Items from a data source
(* Let $\{\mathcal Z_n\}$ be a Galton–Watson process with countably many types and irreducible mean progeny matrix $M$, and assume that the dichotomy property holds. If there exist $\lambda\le1$ and a vector $\boldsymbol x=(x_1,x_2,\dots)$ with $x_i>0$ for all $i$, $\sum_i x_i<\infty$ and $\boldsymbol xM\le\lambda\boldsymbol x$ componentwise, then $\boldsymbol q=\boldsymbol 1$.
   Context: A (multitype) Galton–Watson process with type set $\mathcal S=\{1,2,3,\dots\}$ is $\{\mathcal Z_n=(Z_{n1},Z_{n2},\dots)\}_{n\in\mathbb N}$, $Z_{n\ell}$ the number of type-$\ell$ individuals in generation $n$, started from one individual of type $\varphi_0$; $|\mathcal Z_n|=\sum_\ell Z_{n\ell}$. The mean progeny matrix is $M_{ij}=\partial P_i/\partial s_j|_{\boldsymbol s=\boldsymbol 1}$ (assumed finite), $P_i$ being the progeny generating function of type $i$. Global extinction: $q_i=\mathbb P[\lim_n|\mathcal Z_n|=0\mid\varphi_0=i]$. The dichotomy property holds if for every initial type $i$, with probability 1 either $|\mathcal Z_n|=0$ eventually or $|\mathcal Z_n|\to\infty$. *)

From HB Require Import structures.
From mathcomp Require Import all_boot all_order all_algebra.
From mathcomp Require Import all_classical all_reals all_analysis.
Set Implicit Arguments. Unset Strict Implicit. Unset Printing Implicit Defensive.
Import Order.TTheory GRing.Theory Num.Theory.
Local Open Scope classical_set_scope.
Local Open Scope ring_scope.

(* Types are indexed by nat (type 0,1,2,... instead of 1,2,3,...).
   A generation is represented by the list of the types of its individuals;
   the offspring of one individual is a finite list of the children's types. *)

Definition mutually_independent d (T : measurableType d) (R : realType)
  (P : probability T R) (I : eqType) (X : I -> T -> seq nat) : Prop :=
  forall (F : seq I) (s : I -> seq nat), uniq F ->
    P (\bigcap_(i in [set` F]) [set w | X i w = s i]) =
    (\prod_(i <- F) P [set w | X i w = s i])%E.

* What to do
Make sure every record is repeated exactly.

* Task answer
(* Let $\{\mathcal Z_n\}$ be a Galton–Watson process with countably many types and irreducible mean progeny matrix $M$, and assume that the dichotomy property holds. If there exist $\lambda\le1$ and a vector $\boldsymbol x=(x_1,x_2,\dots)$ with $x_i>0$ for all $i$, $\sum_i x_i<\infty$ and $\boldsymbol xM\le\lambda\boldsymbol x$ componentwise, then $\boldsymbol q=\boldsymbol 1$.
   Context: A (multitype) Galton–Watson process with type set $\mathcal S=\{1,2,3,\dots\}$ is $\{\mathcal Z_n=(Z_{n1},Z_{n2},\dots)\}_{n\in\mathbb N}$, $Z_{n\ell}$ the number of type-$\ell$ individuals in generation $n$, started from one individual of type $\varphi_0$; $|\mathcal Z_n|=\sum_\ell Z_{n\ell}$. The mean progeny matrix is $M_{ij}=\partial P_i/\partial s_j|_{\boldsymbol s=\boldsymbol 1}$ (assumed finite), $P_i$ being the progeny generating function of type $i$. Global extinction: $q_i=\mathbb P[\lim_n|\mathcal Z_n|=0\mid\varphi_0=i]$. The dichotomy property holds if for every initial type $i$, with probability 1 either $|\mathcal Z_n|=0$ eventually or $|\mathcal Z_n|\to\infty$. *)

From HB Require Import structures.
From mathcomp Require Import all_boot all_order all_algebra.
From mathcomp Require Import all_classical all_reals all_analysis.
Set Implicit Arguments. Unset Strict Implicit. Unset Printing Implicit Defensive.
Import Order.TTheory GRing.Theory Num.Theory.
Local Open Scope classical_set_scope.
Local Open Scope ring_scope.

(* Types are indexed by nat (type 0,1,2,... instead of 1,2,3,...).
   A generation is represented by the list of the types of its individuals;
   the offspring of one individual is a finite list of the children's types. *)

Definition mutually_independent d (T : measurableType d) (R : realType)
  (P : probability T R) (I : eqType) (X : I -> T -> seq nat) : Prop :=
  forall (F : seq I) (s : I -> seq nat), uniq F ->
    P (\bigcap_(i in [set` F]) [set w | X i w = s i]) =
    (\prod_(i <- F) P [set w | X i w = s i])%E.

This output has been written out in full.